[EXCERPTED DATA]
(* Used with alpha = G_{m-1,n+1} - G_{m-1,n}, omega = G_{m,n+1} - G_{m-1,n+1},
   tau = G_{m-1,n+2} - G_{m-1,n+1}, sigma = G_{m-1,n+1} - G_{m-2,n+1}: the four
   edges at the vertex G_{m-1,n+1}. *)
Lemma vertex_star_identity (a a' b b' E1 E2 Q0 Q3 alpha omega tau sigma : C) :
  a <> 0 -> b' <> 0 -> omega <> 0 -> tau <> 0 ->
  a' + b * E1 <> 0 -> a + b' * E2 <> 0 ->
  b * alpha = a * Q0 * omega ->
  a' * sigma = b' * Q3 * tau ->
  a' * omega * (a' + b * E1) = b * tau * (a' * E1 + b) ->
  b' * alpha * (a + b' * E2) = a * sigma * (a * E2 + b') ->
  Q3 * ((a * E2 + b') / (a + b' * E2)) = Q0 * ((a' * E1 + b) / (a' + b * E1)).
Proof.
  intros Ha Hb' Hom Hta HX1 HX2 Hdual Hdef Hright Hleft.
  set (k := a * b' * omega * tau).
  assert (Hk : k <> 0) by (repeat apply Cmult_neq_0; auto).
  assert (Hcross : Q3 * (a * E2 + b') * (a' + b * E1) * k
                   = Q0 * (a' * E1 + b) * (a + b' * E2) * k).
  { transitivity ((a * sigma * (a * E2 + b')) * (a' * omega * (a' + b * E1))).
    { transitivity (b' * Q3 * tau * (a * omega) * (a * E2 + b') * (a' + b * E1)).
      { unfold k; ring. }
      rewrite <- Hdef; ring. }
    rewrite <- Hleft, Hright.
    transitivity (b * alpha * (b' * tau * (a' * E1 + b) * (a + b' * E2))); [ring|].
    rewrite Hdual; unfold k; ring. }
  transitivity (Q3 * (a * E2 + b') * (a' + b * E1) * k
                / ((a + b' * E2) * (a' + b * E1) * k)); [field; auto|].
  rewrite Hcross; field; auto.
Qed.

End CellAlgebra.

(* Equivalently, p m n = f m + g n for some f and g. *)
Definition parallelogram_net (p : Z -> Z -> C) : Prop :=
  forall m m' n n' : Z, (p m n - p m' n = p m n' - p m' n')%C.

Lemma lattice_parallelogram_net (u v : R -> R) (eps : R) :
  parallelogram_net (lattice u v eps).
Proof.
  intros m m' n n'; unfold lattice, Cminus, Cplus, Copp; simpl.
  apply injective_projections; simpl; ring.
Qed.

Section CRMapping.
Local Open Scope C_scope.
Variables (p G : Z -> Z -> C).
Local Notation hstep m n := (p m n - p (m - 1)%Z n).
Local Notation vstep m n := (p m (n + 1)%Z - p m n).

Lemma parallelogram_net_vert :
  parallelogram_net p ->
  forall m m' n n' : Z, p m n - p m n' = p m' n - p m' n'.
Proof.
  intros Hp m m' n n'.
  transitivity (p m n - p m' n + p m' n - p m n'); [ring|].
  rewrite (Hp m m' n n'); ring.
Qed.

Lemma Qf_neq0_steps (m n : Z) :
  Qf p G m n <> 0 -> vstep m n <> 0 /\ hstep m n <> 0.
Proof.
  unfold Qf; intro HQ; split; intro H; apply HQ; rewrite H; unfold Cdiv.
  - ring.
  - rewrite Cinv_0; ring.
Qed.

Lemma CR_parallelogram_cell (m n : Z) :
  parallelogram_net p -> vstep m n <> 0 ->
  CR (p (m - 1)%Z n) (p m n) (p m (n + 1)%Z) (p (m - 1)%Z (n + 1)%Z)
  = hstep m n * hstep m n / (vstep m n * vstep m n).
Proof.
  intros Hp Hv; unfold CR.
  rewrite <- (Hp m (m - 1)%Z n (n + 1)%Z).
  rewrite (parallelogram_net_vert Hp (m - 1)%Z m (n + 1)%Z n).
  field; split; [exact Hv|].
  intro H; apply Hv.
  replace (vstep m n) with (- (p m n - p m (n + 1)%Z)) by ring.
  rewrite H; ring.
Qed.

Hypotheses (Hp : parallelogram_net p) (HG : CR_mapping p G).

Lemma Qf_def_mul (m n : Z) :
  hstep m n <> 0 ->
  vstep m n * (G m n - G (m - 1)%Z n)
  = hstep m n * Qf p G m n * (G m (n + 1)%Z - G m n).
Proof.
  intro Hh.
  destruct (HG m n) as [(_ & _ & _ & H23 & _) _].
  apply not_eq_sym, Cminus_eq_contra in H23.
  unfold Qf; field; split; assumption.
Qed.

Lemma Qf_dual_mul (m n : Z) :
  vstep m n <> 0 -> hstep m n <> 0 ->
  hstep m n * (G (m - 1)%Z (n + 1)%Z - G (m - 1)%Z n)
  = vstep m n * Qf p G m n * (G m (n + 1)%Z - G (m - 1)%Z (n + 1)%Z).
Proof.
  intros Hv Hh.
  destruct (HG m n) as [(_ & _ & H14 & H23 & _ & H34) HCR].
  rewrite CR_parallelogram_cell in HCR by assumption.
  apply CR_dual_quotient; auto.
Qed.

Lemma Qf_corner_first (m n : Z) :
  vstep m n <> 0 -> hstep m n <> 0 ->
  vstep m n * (G m n - G (m - 1)%Z n)
    * (vstep m n + hstep m n * Qf p G m n)
  = hstep m n * (G (m - 1)%Z (n + 1)%Z - G (m - 1)%Z n)
    * (vstep m n * Qf p G m n + hstep m n).
Proof.
  intros Hv Hh.
  apply cell_corner_first with (y := G m (n + 1)%Z - G m n)
    (w := G m (n + 1)%Z - G (m - 1)%Z (n + 1)%Z).
  - ring.
  - apply Qf_def_mul; exact Hh.
  - apply Qf_dual_mul; assumption.
Qed.

Lemma Qf_corner_third (m n : Z) :
  vstep m n <> 0 -> hstep m n <> 0 ->
  hstep m n * (G m (n + 1)%Z - G m n)
    * (vstep m n + hstep m n * Qf p G m n)
  = vstep m n * (G m (n + 1)%Z - G (m - 1)%Z (n + 1)%Z)
    * (vstep m n * Qf p G m n + hstep m n).
Proof.
  intros Hv Hh.
  apply cell_corner_third with (x := G m n - G (m - 1)%Z n)
    (z := G (m - 1)%Z (n + 1)%Z - G (m - 1)%Z n).
  - ring.
  - apply Qf_def_mul; exact Hh.
  - apply Qf_dual_mul; assumption.
Qed.

Lemma Qf_vertex_identity (m n : Z) :
  let a := p m (n + 1)%Z - p m n in
  let a' := p m (n + 2)%Z - p m (n + 1)%Z in
  let b := p m n - p (m - 1)%Z n in
  let b' := p (m - 1)%Z n - p (m - 2)%Z n in
  let E1 := Qf p G m (n + 1)%Z in
  let E2 := Qf p G (m - 1)%Z n in
  Qf p G m n <> 0 -> E1 <> 0 -> E2 <> 0 ->
  a' + b * E1 <> 0 -> a + b' * E2 <> 0 ->
  Qf p G (m - 1)%Z (n + 1)%Z * ((a * E2 + b') / (a + b' * E2))
  = Qf p G m n * ((a' * E1 + b) / (a' + b * E1)).
Proof.
  intros a a' b b' E1 E2 HQ0 HE1 HE2 HX1 HX2.
  assert (Hn : (n + 1 + 1 = n + 2)%Z) by lia.
  assert (Hm : (m - 1 - 1 = m - 2)%Z) by lia.
  assert (Hb1 : p m (n + 1)%Z - p (m - 1)%Z (n + 1)%Z = b) by apply Hp.
  assert (Hb2 : p (m - 1)%Z (n + 1)%Z - p (m - 2)%Z (n + 1)%Z = b') by apply Hp.
  assert (Ha1 : p (m - 1)%Z (n + 1)%Z - p (m - 1)%Z n = a)
    by (symmetry; apply parallelogram_net_vert, Hp).
  assert (Ha2 : p (m - 1)%Z (n + 2)%Z - p (m - 1)%Z (n + 1)%Z = a')
    by (symmetry; apply parallelogram_net_vert, Hp).
  destruct (Qf_neq0_steps m n HQ0) as [Ha Hb].
  destruct (Qf_neq0_steps m (n + 1)%Z HE1) as [Ha' _]; rewrite Hn in Ha'.
  destruct (Qf_neq0_steps (m - 1)%Z n HE2) as [_ Hb']; rewrite Hm in Hb'.
  destruct (HG m n) as [(_ & _ & _ & _ & _ & Hom) _].
  destruct (HG m (n + 1)%Z) as [(_ & _ & Hta & _) _]; rewrite Hn in Hta.
  pose proof (Qf_dual_mul m n Ha Hb) as Hdual.
  pose proof (Qf_def_mul (m - 1)%Z (n + 1)%Z) as Hdef.
  pose proof (Qf_corner_first m (n + 1)%Z) as Hright.
  pose proof (Qf_corner_third (m - 1)%Z n) as Hleft.
  rewrite Hn, Hm in Hdef; rewrite Hn in Hright; rewrite Hm in Hleft.
  rewrite Hb2, Ha2 in Hdef; rewrite Hb1 in Hright; rewrite Ha1 in Hleft.
  apply vertex_star_identity with
    (alpha := G (m - 1)%Z (n + 1)%Z - G (m - 1)%Z n)
    (omega := G m (n + 1)%Z - G (m - 1)%Z (n + 1)%Z)
    (tau := G (m - 1)%Z (n + 2)%Z - G (m - 1)%Z (n + 1)%Z)
    (sigma := G (m - 1)%Z (n + 1)%Z - G (m - 2)%Z (n + 1)%Z);
    auto using Cminus_eq_contra.
Qed.

End CRMapping.

Theorem theorem3p1
  (u v : R -> R)
  (Hu : forall x : R, ex_derive u x /\ (0 < Derive u x)%R)
  (Hv : forall x : R, ex_derive v x /\ (0 < Derive v x)%R)
  (eps : R) (Heps : (0 < eps)%R)
  (G F : Z -> Z -> C)
  (HG : CR_mapping (lattice u v eps) G)
  (HF : forall m n : Z,
      cexp (RtoC eps * F m n)%C = Qf (lattice u v eps) G m n)
  (m n : Z) :
  let p := lattice u v eps in
  let a  := (p m (n+1)%Z - p m n)%C in
  let a' := (p m (n+2)%Z - p m (n+1)%Z)%C in
  let b  := (p m n - p (m-1)%Z n)%C in
  let b' := (p (m-1)%Z n - p (m-2)%Z n)%C in
  let E1 := cexp (RtoC eps * F m (n+1)%Z)%C in
  let E2 := cexp (RtoC eps * F (m-1)%Z n)%C in
  (b' + a)%C <> RtoC 0 ->
  (b + a')%C <> RtoC 0 ->
  (a' + b * E1)%C <> RtoC 0 ->
  (a' * E1 + b)%C <> RtoC 0 ->
  (a + b' * E2)%C <> RtoC 0 ->
  (a * E2 + b')%C <> RtoC 0 ->
  let M  := (- ((b * b' - a * a') / ((b' + a) * (b + a'))))%C in
  let Xi := (- ((b * a - b' * a') / (Ci * RtoC eps * ((b' + a) * (b + a')))))%C in
  (* "appropriate branches of log": there exist logarithms L1, L2 of the two
     arguments for which the identity holds *)
  exists L1 L2 : C,
    cexp L1 = ((a' * E1 + b) / (a' + b * E1))%C /\
    cexp L2 = ((a * E2 + b') / (a + b' * E2))%C /\
    let Rem := (/ (RtoC eps * RtoC eps * RtoC eps) *
                (L1 + RtoC eps * ((b - a') / (b + a')) * F m (n+1)%Z
                 - L2 - RtoC eps * ((b' - a) / (b' + a)) * F (m-1)%Z n))%C in
    (F (m-1)%Z (n+1)%Z - F m n)%C =
    (M * (F m (n+1)%Z - F (m-1)%Z n)
     + RtoC 2 * Ci * RtoC eps * Xi * ((F m (n+1)%Z + F (m-1)%Z n) / RtoC 2)
     + RtoC eps * RtoC eps * Rem)%C.
Proof.
  intros p a a' b b' E1 E2 Hba Hba' HX1n HX1d HX2n HX2d M Xi.
  (* Q = e^{eps F} never vanishes. *)
  assert (HQ : forall k l, Qf p G k l <> 0%C)
    by (intros k l; rewrite <- HF; apply cexp_neq0).
  assert (Hmul : (cexp (RtoC eps * F (m - 1)%Z (n + 1)%Z)
                  * ((a * E2 + b') / (a + b' * E2))
                  = cexp (RtoC eps * F m n) * ((a' * E1 + b) / (a' + b * E1)))%C).
  { unfold E1, E2 in *; rewrite !HF in *.
    apply Qf_vertex_identity; auto using lattice_parallelogram_net. }
  destruct (cexp_log_of_mul_eq _ _ _ _ Hmul (Cdiv_neq0 _ _ HX1d HX1n))
    as (L1 & L2 & HL1 & HL2 & Hlog).
  exists L1, L2; repeat split; [exact HL1 | exact HL2 |].
  intro Rem; unfold Rem, M, Xi.
  assert (Heps0 : RtoC eps <> 0%C)
    by (intro H; apply (f_equal fst) in H; simpl in H; lra).
  assert (HF3 : F (m - 1)%Z (n + 1)%Z = (F m n + (L1 - L2) / RtoC eps)%C).
  { replace (F (m - 1)%Z (n + 1)%Z)
      with ((RtoC eps * F (m - 1)%Z (n + 1)%Z + L2 - L2) / RtoC eps)%C
      by (field; exact Heps0).
    rewrite Hlog; field; exact Heps0. }
  rewrite HF3.
  assert (Hi : Ci <> 0%C) by (intro H; apply (f_equal snd) in H; simpl in H; lra).
  field; repeat split; auto.
Qed.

[YOUR OBJECTIVE] The answer is one number: how many lines of the material above contain "Hright".

[TASK RESPONSE] 5